> **ABOUT THIS EXERCISE**
The lines from the one with "exists (Lap - Lam). split." through the last line below are to be copied exactly; no other lines are to be returned.

> **DATA LISTING**

(* Hence int |g - m| dmu <= |c - m| + int |g - c| dmu <= 3 int |g - c| dmu. *)
Lemma deviation_from_median m L : is_median V g m -> L5p - L5m <= L ->
  exists a, improper_int (fun x => Rabs (g x - m) * exp (- V x)) a /\ a <= 3 * L.
Proof.
  intros Hmed HL. pose proof (median_distance m Hmed) as Hd.
  set (d := Rabs (c - m)) in *. set (p := fun x => exp (- V x)) in *.
  assert (Hpp : forall x, 0 < p x) by (intro; apply exp_pos).
  assert (Htri : forall x, Rabs (g x - m) * p x <= Rabs (g x - c) * p x + d * p x).
  { intro x. rewrite <- Rmult_plus_distr_r. apply Rmult_le_compat_r; [apply Rlt_le, Hpp|].
    replace (g x - m) with ((g x - c) + (c - m)) by ring. apply Rabs_triang. }
  assert (HQd : forall x, derivable_pt_lim (fun y => Q5 y + d * P y) x
                            (Rabs (g x - c) * p x + d * p x)).
  { intro x. apply derivable_pt_lim_plus; auto. now apply derivable_pt_lim_scal. }
  destruct (primitive_exists (fun x => Rabs (g x - m) * p x)) as [Qa HQa]; [intro; cont|].
  destruct (dominated_limits (fun x => Rabs (g x - m) * p x) _ Qa _ (L5p - L5m + d) HQa HQd)
    as [Lam [Lap [Ham Hap]]].
  { intro x. rewrite Rabs_mult, Rabs_Rabsolu, (Rabs_right (p x)) by (apply Rle_ge, Rlt_le; auto).
    apply Htri. }
  { intros a b Hab. assert (0 <= d) by apply Rabs_pos.
    destruct (nondecreasing_between_limits Q5 _ _ HQ5_mono H5m H5p a).
    destruct (nondecreasing_between_limits Q5 _ _ HQ5_mono H5m H5p b).
    destruct (HPb a), (HPb b). nra. }
  exists (Lap - Lam). split.
  - apply (improper_of_primitive _ Qa); auto. intro x. cont.
  - assert (Lap - Lam <= (L5p + d * Lp) - (L5m + d * Lm)).
    { apply (primitive_limits_le _ _ Qa _ _ _ _ _ HQa HQd Htri Ham Hap);
        [now apply lim_minf_lin|now apply lim_pinf_lin]. }
    replace ((L5p + d * Lp) - (L5m + d * Lm)) with (L5p - L5m + d * (Lp - Lm)) in H by ring.
    rewrite Hmass in H. lra.
Qed.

> **RESULT OF THE TASK**
  exists (Lap - Lam). split.
  - apply (improper_of_primitive _ Qa); auto. intro x. cont.
  - assert (Lap - Lam <= (L5p + d * Lp) - (L5m + d * Lm)).
    { apply (primitive_limits_le _ _ Qa _ _ _ _ _ HQa HQd Htri Ham Hap);
        [now apply lim_minf_lin|now apply lim_pinf_lin]. }
    replace ((L5p + d * Lp) - (L5m + d * Lm)) with (L5p - L5m + d * (Lp - Lm)) in H by ring.
    rewrite Hmass in H. lra.
Qed.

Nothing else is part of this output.